Его преследовало одно воспоминание: когда Тэли был захвачен сарацинами и Генрих отправлялся на выручку, ему пришлось провести ночь в Вифлееме, и там он возложил на алтарь у пещеры Ясель Христовых корону, которую вынул из гроба Щедрого. Но не прошло и часу, как он пожалел об этом и потихоньку забрал с алтаря золотой венец. Потом он покаялся на исповеди и получил отпущение, однако до сих пор было мучительно думать об этом недостойном поступке и о том, что за такой грех его, вероятно, постигнет кара. Правда, Бартоломея вызволить удалось — так что, возможно, господь бог простил его, грешного.
Долгое время у него не было сил разобраться как следует в своей беседе с Барбароссой. Пожалуй, он слегка сожалел, что не взял из рук кесаря польскую землю в лен, и сам не мог понять, что побудило его отказаться. «Ведь потом я сумел бы с оружием в руках освободиться от ленной зависимости», — мелькала подсказанная Болеславом мысль, вернее, даже не мысль, а смутное, неосознанное чувство. В разговорах с тамплиерами Генрих упорно избегал этой темы. Время от времени к нему приезжал Виппо за распоряжениями, и Генрих не решался смотреть ему в глаза, в эти умные, преданные глаза. Уж кому-кому, а Виппо он ни за что бы не признался, как обернулось для него поражение под Кжишковом.

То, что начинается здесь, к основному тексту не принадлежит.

(* Right Euclidean division by a monic polynomial L: M = Q L + Rm, deg Rm < deg L.
   The leading term of M is removed by subtracting lead_coef(M) x^m L. *)
Lemma rdiv_monic (L M : {poly R}) : L \is monic ->
  exists Q Rm, M = sm Q L + Rm /\ (size Rm < size L)%N.
Proof.
move=> mL; have nL := monic_neq0 mL.
elim: {M}(size M) {-2}M (leqnn (size M)) => [|k IH] M hM.
  exists 0, M; rewrite smul0l add0r; split => //.
  by apply: leq_ltn_trans hM _; rewrite size_poly_gt0.
case: (ltnP (size M) (size L)) => hML; first by exists 0, M; rewrite smul0l add0r.
have nM : M != 0 by rewrite -size_poly_gt0 (leq_trans _ hML) ?size_poly_gt0.
set T := (lead_coef M)%:P * 'X^(size M - size L).
have nlM : lead_coef M != 0 by rewrite lead_coef_eq0.
have hT : sm T L = (lead_coef M)%:P * iter (size M - size L) xm L.
  by rewrite smulCl smulXn.
have [hs hl] := size_iter_xmul (size M - size L) nL.
have hs2 : size (sm T L) = size M by rewrite hT size_Cmul // hs; lia.
have hl2 : lead_coef (sm T L) = lead_coef M.
  rewrite hT lead_coef_Cmul // hl (eqP mL).
  suff -> : iter (size M - size L) s 1 = 1 by rewrite mulr1.
  by elim: (_ - _)%N => //= j ->; rewrite rmorph1.
have hlt := size_sub_lt nM (esym hs2) (esym hl2).
have [Q [Rm [h1 h2]]] := IH (M - sm T L) (leq_trans hlt hM).
by exists (Q + T), Rm; rewrite smulDl -addrAC -h1 subrK.
Qed.

Lemma rdiv_linear (M : {poly R}) (e : R) : exists Q (g : R), M = sm Q ('X - e%:P) + g%:P.
Proof.
have [Q [Rm [h1 h2]]] := rdiv_monic M (monicXsubC e).
by exists Q, Rm`_0; rewrite -size1_polyC //; rewrite size_XsubC in h2.
Qed.

Local Notation cj := (sd_conj s d).

Lemma sd_conj_refl (a : R) : cj a a.
Proof. by exists 1; rewrite ?oner_neq0 // rmorph1 sder1 invr1 mul1r mulr1 mul0r addr0. Qed.

Lemma sder_inv (b : R) : b != 0 -> d b^-1 * b = - ((s b)^-1 * d b).
Proof.
move=> nb; have u := unit_nz nb.
have := sderM b^-1 b; rewrite mulVr // sder1 (rmorphV _ u) => /eqP.
by rewrite eq_sym addrC addr_eq0 => /eqP.
Qed.

Lemma sd_conj_sym (a b : R) : cj a b -> cj b a.
Proof.
case=> be nb hb; have u := unit_nz nb; have su := unit_nz (sigma_neq0 nb).
exists be^-1; first by rewrite invr_eq0.
rewrite invrK (rmorphV _ u) (sder_inv nb) hb mulrDr mulrDl !mulrA mulVr // mul1r.
by rewrite !mulrVK // addrK.
Qed.

Lemma sd_conj_trans (a b c : R) : cj a b -> cj b c -> cj a c.
Proof.
case=> be nb hb [ga ng hc]; have ub := unit_nz nb; have ug := unit_nz ng.
exists (ga * be); first exact: mulr_neq0_div.
by rewrite hc hb rmorphM sderM invrM // !mulrDr !mulrDl !mulrA mulrK // addrA.
Qed.

Definition conjby (be x : R) : R := s be * x * be^-1 + d be * be^-1.

Lemma sd_conj_conjby (be x : R) : be != 0 -> cj x (conjby be x).
Proof. by move=> nb; exists be. Qed.

Lemma smul_linear (c u : R) :
  sm ('X - c%:P) ('X - u%:P) = 'X * 'X - (s u + c)%:P * 'X + (c * u - d u)%:P.
Proof.
rewrite smulBl smulC -{1}(expr1 'X) smulXn /= xmulB -{1}(expr1 'X) xmulXn.
rewrite -[u%:P]mulr1 xmulCl -(expr0 'X) xmulXn expr1 expr0 !mulr1.
rewrite expr2 mulrBr -polyCM polyCD polyCB mulrDl !opprD !opprK !addrA.
by rewrite (addrAC _ (- (d u)%:P)) (addrAC _ (- (d u)%:P)).
Qed.

Lemma linear_swap (e b : R) : b != e ->
  sm ('X - (conjby (b - e) e)%:P) ('X - b%:P) =
  sm ('X - (conjby (b - e) b)%:P) ('X - e%:P).
Proof.
move=> nbe; have hb : b = e + (b - e) by rewrite addrC subrK.
rewrite -subr_eq0 in nbe; move: (b - e) nbe hb => be nb ->; rewrite !smul_linear.
have hbe : conjby be (e + be) = conjby be e + s be.
  by rewrite /conjby mulrDr mulrDl mulrK ?unit_nz // addrAC.
have he : conjby be e * be = s be * e + d be.
  by rewrite /conjby mulrDl !mulrVK ?unit_nz.
rewrite hbe (rmorphD s); move: he; set c := conjby be e => he; clearbody c.
rewrite [s e + s be + c]addrAC (addrA (s e)); congr (_ + _%:P).
by rewrite mulrDr he sderD opprD mulrDl !addrA (addrAC _ (d be)) addrK.
Qed.

(* The remainder of G by x - e^(b-e)
   is a constant g, and the remainder of G (x - b) by x - e is then -g (b - e). *)
Lemma rdvd_linear_swap (G : {poly R}) (e b : R) : b != e ->
  rd ('X - e%:P) (sm G ('X - b%:P)) -> rd ('X - (conjby (b - e) e)%:P) G.
Proof.
move=> nbe [W hW]; set c := conjby (b - e) e.
have [Q [g hG]] := rdiv_linear G c.
have hX : sm G ('X - b%:P) =
    sm (sm Q ('X - (conjby (b - e) b)%:P) + g%:P) ('X - e%:P) - (g * (b - e))%:P.
  rewrite {1}hG smulDl -smulA linear_swap // smulA smulDl !smulC.
  by rewrite polyCM polyCB -addrA -!mulrBr opprB addrA subrK.
have h0 : sm (W - (sm Q ('X - (conjby (b - e) b)%:P) + g%:P)) ('X - e%:P)
          = - (g * (b - e))%:P by rewrite smulBl -hW hX addrAC subrr add0r.
have hA : W - (sm Q ('X - (conjby (b - e) b)%:P) + g%:P) = 0.
  apply: (smul_small_eq0 (monic_neq0 (monicXsubC e))).
  by rewrite h0 size_polyN size_XsubC ltnS size_polyC_leq1.
have /eqP : (g * (b - e))%:P = 0 by apply/oppr_inj; rewrite -h0 hA smul0l oppr0.
rewrite polyC_eq0 => /eqP /mulr_eq0_div [hg|]; last by move/eqP; rewrite subr_eq0 (negPf nbe).
by exists Q; rewrite hG hg addr0.
Qed.

Inductive lin_prod (a : R) : nat -> {poly R} -> Prop :=
| lin_prod0 : lin_prod a 0 1
| lin_prodS k P e : lin_prod a k P -> cj a e -> lin_prod a k.+1 (sm P ('X - e%:P)).

Lemma lin_prodS_inv (a : R) k P : lin_prod a k.+1 P ->
  exists P1 e, [/\ lin_prod a k P1, cj a e & P = sm P1 ('X - e%:P)].
Proof. by move=> h; inversion h; exists P0, e. Qed.

Lemma lin_prod_pass (a : R) k P : lin_prod a k P -> forall G b, ~ cj a b ->
  rd P (sm G ('X - b%:P)) -> exists2 P', lin_prod a k P' & rd P' G.
Proof.
elim=> [|{}k P1 e hP1 IH hae] G b nab [Q hQ].
  by exists 1; [exact: lin_prod0 | exists G; rewrite smul1r].
rewrite smulA in hQ.
have nbe : b != e by apply: contra_not_neq nab => ->.
have [Q2 hG] := rdvd_linear_swap nbe (ex_intro _ _ hQ).
have hc : sm Q2 ('X - (conjby (b - e) b)%:P) = sm Q P1.
  apply: (smulIf (monic_neq0 (monicXsubC e))).
  by rewrite -hQ hG -!smulA linear_swap.
have nab' : ~ cj a (conjby (b - e) b).
  move=> h; apply: nab; apply: (sd_conj_trans h); apply: sd_conj_sym.
  by apply: sd_conj_conjby; rewrite subr_eq0.
have [P1' hP1' [W hW]] := IH Q2 _ nab' (ex_intro _ Q hc).
exists (sm P1' ('X - (conjby (b - e) e)%:P)); last by exists W; rewrite hG hW smulA.
apply: lin_prodS => //; apply: (sd_conj_trans hae).
by apply: sd_conj_conjby; rewrite subr_eq0.
Qed.

(* Peel one linear factor x - e off some P_j; every other P_i passes
   it by lin_prod_pass, so the cofactor of x - e carries all but one factor. *)
Lemma lin_prods_deg n (a : 'I_n -> R) (Ha : forall i j, i != j -> ~ cj (a i) (a j))
    (ks : 'I_n -> nat) (Ps : 'I_n -> {poly R}) (F : {poly R}) :
  F != 0 -> (forall i, lin_prod (a i) (ks i) (Ps i)) -> (forall i, rd (Ps i) F) ->
  (\sum_(i < n) ks i <= sdeg F)%N.
Proof.
move hm : (\sum_(i < n) ks i)%N => m; elim: m F Ps ks hm => [//|m IH] F Ps ks hm nF hP hD.
have /forallPn [j] : ~~ [forall (i | true), ks i == 0%N] by rewrite -sum_nat_eq0 hm.
case hj : (ks j) => [//|k] _; move: (hP j); rewrite hj => /lin_prodS_inv [P1 [e [h1 he hPj]]].
have [Q hQ] := hD j; rewrite hPj smulA in hQ.
have nX : 'X - e%:P != 0 := monic_neq0 (monicXsubC e).
have nF1 : sm Q P1 != 0 by apply: contraNneq nF => h0; rewrite hQ h0 smul0l.
have hdeg : sdeg F = (sdeg (sm Q P1)).+1.
  have [h _] := size_smul nF1 nX; rewrite /sdeg hQ h size_XsubC.
  by move: nF1; rewrite -size_poly_gt0; lia.
set ks' := fun i => if i == j then k else ks i.
have hpass i : exists2 P', lin_prod (a i) (ks' i) P' & rd P' (sm Q P1).
  rewrite /ks'; case: eqVneq => [->|nij]; first by exists P1 => //; exists Q.
  apply: (lin_prod_pass (hP i) (b := e)); last by rewrite -hQ; exact: hD i.
  by move=> hie; apply: (Ha i j nij); exact: sd_conj_trans hie (sd_conj_sym he).
have [Ps' hP' hD'] := fin_all_exists2 hpass.
rewrite hdeg ltnS; apply: (IH _ Ps' ks') => //.
rewrite (bigD1 j) //= {1}/ks' eqxx; move: hm; rewrite (bigD1 j) //= hj addSn => -[<-].
by congr (_ + _)%N; apply: eq_bigr => i; rewrite /ks' => /negPf ->.
Qed.

Lemma spow_lin_prod (a : R) r : lin_prod a r (spow s d ('X - a%:P) r).
Proof. by elim: r => [|r IH]; [exact: lin_prod0 | exact: lin_prodS IH (sd_conj_refl a)]. Qed.

Lemma spowSl (p : {poly R}) r : spow s d p r.+1 = sm p (spow s d p r).
Proof.
elim: r => [|r IH]; first by rewrite /spow /= smul1l smul1r.
by rewrite [LHS]/spow iterS -/(spow s d p r.+1) {1}IH -smulA.
Qed.

Lemma ore_linear (V : {poly R}) (e : R) :
  exists c V', sm ('X - c%:P) V = sm V' ('X - e%:P).
Proof.
have [Q [g hV]] := rdiv_linear V e.
set c := (s g * e + d g) * g^-1.
have hc : c * g = s g * e + d g.
  case: (eqVneq g 0) => [->|ng]; first by rewrite mulr0 rmorph0 sder0 mul0r add0r.
  by rewrite /c mulrVK // unit_nz.
exists c, (sm ('X - c%:P) Q + (s g)%:P).
rewrite hV smulDr smulA smulDl smulC; congr (_ + _).
rewrite smulBl smulC -{1}(expr1 'X) smulXn /= -[g%:P]mulr1 xmulCl -(expr0 'X) xmulXn.
rewrite expr0 expr1 !mulr1 -polyCM hc mulrBr -polyCM polyCD opprD addrA.
by rewrite (addrAC _ (d g)%:P) addrK.
Qed.

Lemma left_mult_spow (V : {poly R}) (e : R) (r : nat) :
  exists U : {poly R}, [/\ U != 0, (size U <= r.+1)%N & rd (spow s d ('X - e%:P) r) (sm U V)].
Proof.
elim: r => [|r [U [nU hU [W hW]]]].
  by exists 1; rewrite oner_neq0 size_poly1; split => //; exists (sm 1 V); rewrite smul1r.
have [c [W' hc]] := ore_linear W e.
have nXc : 'X - c%:P != 0 := monic_neq0 (monicXsubC c).
exists (sm ('X - c%:P) U); split; first exact: smul_neq0.
  by have [-> _] := size_smul nXc nU; rewrite size_XsubC add2n ltnS.
by exists W'; rewrite -smulA hW smulA hc -smulA -spowSl.
Qed.

Lemma common_left_multiple n (a : 'I_n -> R) (r : 'I_n -> nat) :
  exists2 M : {poly R}, M != 0 /\ (sdeg M <= \sum_(i < n) r i)%N &
    forall i, rd (spow s d ('X - (a i)%:P) (r i)) M.
Proof.
suff [M [nM hM hD]] : exists M : {poly R}, [/\ M != 0,
    (size M <= (\sum_(i <- index_enum 'I_n) r i).+1)%N &
    forall i, i \in index_enum 'I_n -> rd (spow s d ('X - (a i)%:P) (r i)) M].
  exists M; last by move=> i; apply: hD; rewrite mem_index_enum.
  by split => //; rewrite /sdeg -ltnS prednK ?size_poly_gt0.
elim: (index_enum 'I_n) => [|i l [M [nM hM hD]]].
  by exists 1; rewrite oner_neq0 size_poly1 big_nil.
have [U [nU hU [W hW]]] := left_mult_spow M (a i) (r i).
exists (sm U M); split; first exact: smul_neq0.
  have [-> _] := size_smul nU nM; rewrite big_cons.
  by move: hU hM; rewrite -!size_poly_gt0 in nU nM; lia.
move=> j; rewrite inE => /orP [/eqP ->|hj]; first by exists W.
by have [A ->] := hD j hj; exists (sm U A); rewrite smulA.
Qed.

Главный вход костела был увенчан полукруглой аркой, и по обе стороны стояли пилястры, покрытые резьбой, изображавшей листья и цветы. Перед пилястрами решили поставить две статуи — Генриха и иерусалимского короля Балдуина в тамплиерских плащах, дабы почтить их как покровителей ордена.
Приглашенные тамплиерами немецкие мастера из Кракова усердно трудились, высекая статуи, а окрестный люд приходил подивиться на их искусную работу.

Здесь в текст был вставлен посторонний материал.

(* Let $\mathbb X$ be a Euclidean space, $g\colon\mathbb X\to\mathbb R^m$ twice continuously differentiable, $D\subset\mathbb R^m$ closed and locally polyhedral around $g(\bar x)$, $\Phi(x):=g(x)-D$, $(\bar x,0)\in\operatorname{gph}\Phi$, $u\in\mathbb S_{\mathbb X}$. Assume SOSCMS$(u)$: for all $y^*$, [$\nabla g(\bar x)^*y^*=0$, $\nabla^2\langle y^*,g\rangle(\bar x)[u,u]\ge0$, $y^*\in\mathcal N_D(g(\bar x);\nabla g(\bar x)u)$] implies $y^*=0$. Then: (a) for each $s\in\mathbb X$ and all $y^*,z^*$, [$\nabla g(\bar x)^*y^*=0$, $\nabla^2\langle y^*,g\rangle(\bar x)(u)+\nabla g(\bar x)^*z^*=0$, $y^*\in\mathcal N_{\mathbf T(u)}(w_s(u,0))$, and $z^*\in\mathcal N_{\mathbf T(u)}(w_s(u,0))$ or $z^*\in\mathcal T_{\mathcal N_{\mathbf T(u)}(w_s(u,0))}(y^* )$] implies $y^*=0$; and (b) for each $x^*,s\in\mathbb X$, $y^*,z^*\in\mathbb R^m$ and $\alpha\ge0$ with $v:=\alpha y^*$ satisfying $x^*=\nabla^2\langle y^*,g\rangle(\bar x)(u)+\nabla g(\bar x)^*z^*$, $y^*\in\mathcal N_{\mathbf T(u)}(w_s(u,v))\cap\ker\nabla g(\bar x)^*$, and $z^*\in\mathcal N_{\mathbf T(u)}(w_s(u,v))$ or $z^*\in\mathcal T_{\mathcal N_{\mathbf T(u)}(w_s(u,v))}(y^* )$, there is $\lambda\in\mathcal N_D(g(\bar x))$ with $x^*=\nabla g(\bar x)^*\lambda$.
   Context: $\mathbf T(u):=\mathcal T_{\mathcal T_D(g(\bar x))}(\nabla g(\bar x)u)$, $w_s(u,v):=\nabla g(\bar x)s+\tfrac12\nabla^2g(\bar x)[u,u]-v$, with $\nabla^2g(\bar x)[u,u]=(\langle u,\nabla^2g_i(\bar x)u\rangle)_{i=1}^m$; $\nabla^2\langle y^*,g\rangle(\bar x)(u)$ is the Hessian of $x\mapsto\langle y^*,g(x)\rangle$ applied to $u$ and $\nabla^2\langle y^*,g\rangle(\bar x)[u,u]$ the associated quadratic form. $\mathcal T$, $\mathcal N$ tangent and limiting normal cones; $\mathcal N_D(y;w)$ directional limiting normal cone (all $\eta$ with $w_k\to w$, $t_k\downarrow0$, $\eta_k\to\eta$, $\eta_k\in\widehat{\mathcal N}_D(y+t_kw_k)$). Locally polyhedral: intersection with a box around $g(\bar x)$ is a finite union of convex polyhedra. *)

From mathcomp Require Import all_boot all_order all_algebra.
From mathcomp Require Import reals.
Set Implicit Arguments. Unset Strict Implicit. Unset Printing Implicit Defensive.
Import Order.TTheory GRing.Theory Num.Theory.
Local Open Scope ring_scope.
Lemma veer_opposite_bottom (t : T) (i : 'I_4) : ~~ topslot i ->
  veer t (~: [set i; l0]) = (i == 1 :> nat).
Proof.
have [_ v23 v12 _] := veer_sides tau t.
case: (label_cases i) => -> bot_i; rewrite ?val_l1 ?val_l3 //.
- by rewrite /topslot val_l0 in bot_i.
- suff -> : ~: [set l1; l0] = [set l2; l3] by [].
  apply/setP => k; rewrite !inE.
  by case: (label_cases k) => ->; rewrite -!(inj_eq (@ord_inj 4)) ?val_l0 ?val_l1 ?val_l2 ?val_l3.
- by rewrite /topslot val_l2 in bot_i.
- suff -> : ~: [set l3; l0] = [set l1; l2] by apply: negbTE.
  apply/setP => k; rewrite !inE.
  by case: (label_cases k) => ->; rewrite -!(inj_eq (@ord_inj 4)) ?val_l0 ?val_l1 ?val_l2 ?val_l3.
Qed.

Definition slot_sign (x : T * 'I_4) : bool := face_sign (top_veer x.1) x.2.

Lemma inv_stepK : involutive (inv_step gt gp).
Proof.
by case=> t i; rewrite /inv_step /=; case: (glue_invol tau t i) => -> ->; rewrite permK.
Qed.

Definition crossing_sign (x : T * 'I_4) : bool :=
  slot_sign x (+) slot_sign (inv_step gt gp x).

Lemma crossing_sign_inv (x : T * 'I_4) : crossing_sign (inv_step gt gp x) = crossing_sign x.
Proof. by rewrite /crossing_sign inv_stepK addbC. Qed.

Definition turn (x y : T * 'I_4) : bool := [&& topslot x.2, topslot y.2 & y.1 == gt x.1 x.2].

Lemma antibranching_slot_sign (x y : T * 'I_4) : turn x y ->
  antibranching gp veer x y = slot_sign (inv_step gt gp x) (+) slot_sign y.
Proof.
case/and3P=> top_x top_y /eqP y1.
have bot_i : ~~ topslot (gp x.1 x.2 x.2) by rewrite (glue_coor tau) top_x.
rewrite /antibranching /Aface /slot_sign /= y1 (veer_opposite_bottom _ bot_i).
exact: face_sign_turn.
Qed.

Lemma walk_turns (v w : T) (x : T * 'I_4) (p : seq (T * 'I_4)) :
  walk gt v (x :: p) = Some w -> all (fun y => topslot y.2) (x :: p) ->
  [/\ x.1 = v, path turn x p & gt (last x p).1 (last x p).2 = w].
Proof.
elim: p v x => [|y p IHp] v x /=; case: eqP => // <- walk_p.
  by case: walk_p => ->.
case/andP=> top_x tops; have [y1 path_p last_p] := IHp _ _ walk_p tops.
by rewrite /turn top_x y1 eqxx path_p last_p; case/andP: tops => ->.
Qed.

Lemma directed_cycle_turns (c : T * seq (T * 'I_4)) :
  directed_cycle gt c -> path.cycle turn c.2.
Proof.
case: c => v [|x p] //= /and3P[_ tops /eqP /walk_turns/(_ tops)[x1 path_p last_p]].
have top_last : topslot (last x p).2 by apply: (allP tops); apply: mem_last.
by rewrite rcons_path path_p /turn top_last x1 last_p eqxx; case/andP: tops => ->.
Qed.

Lemma directed_cycle_parity (c : T * seq (T * 'I_4)) : directed_cycle gt c ->
  odd (n_antibranching gp veer c.2) = odd (count crossing_sign c.2).
Proof.
move=> /directed_cycle_turns/cycle_zip_rot/allP turns.
rewrite /n_antibranching (eq_in_count (a2 := fun xy =>
  slot_sign (inv_step gt gp xy.1) (+) slot_sign xy.2)); last first.
  by move=> xy /turns /antibranching_slot_sign.
rewrite (odd_count_zip_rot (fun x => slot_sign (inv_step gt gp x))).
by rewrite odd_count_addb addbC.
Qed.

Lemma face_mark_glue (t : T) (a b c : 'I_4) : [&& a != b, a != c & b != c] ->
  face_mark (top_veer t) c a b =
  face_mark (top_veer (gt t c)) (gp t c c) (gp t c a) (gp t c b).
Proof.
have glue_top u (x y z : 'I_4) : topslot z -> [&& x != y, x != z & y != z] ->
    face_mark (top_veer u) z x y =
    face_mark (top_veer (gt u z)) (gp u z z) (gp u z x) (gp u z y).
  move=> top_z xyz.
  apply: (face_mark_glue_top (vb := bottom_veer u) (vb' := bottom_veer (gt u z))
    (glue_orient tau u z) top_z _ _ xyz); first by rewrite (glue_coor tau) top_z.
  move=> x' y' /and3P[neq_xy' neq_xz' neq_yz'].
  by rewrite -veer_edge -?veer_edge ?(inj_eq perm_inj) // veer_glue.
move=> abc; case top_c: (topslot c); first exact: glue_top.
have [t_back p_back] := glue_invol tau t c.
by rewrite [RHS]glue_top ?t_back ?p_back ?permK ?(glue_coor tau) ?top_c ?(inj_eq perm_inj).
Qed.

Поблизости от костела корчевали лес. Генрих ходил смотреть, как рубят деревья и расчищают лесосеки, — тут он мог проводить целые часы, ни о чем не думая. Со стороны леса костел выглядел по-иному, казался похожим на корабль. И однажды Генрих, глядя на него, вспомнил свое путешествие с монахом Бьярне и весь тот мир, такой пестрый и такой страшный.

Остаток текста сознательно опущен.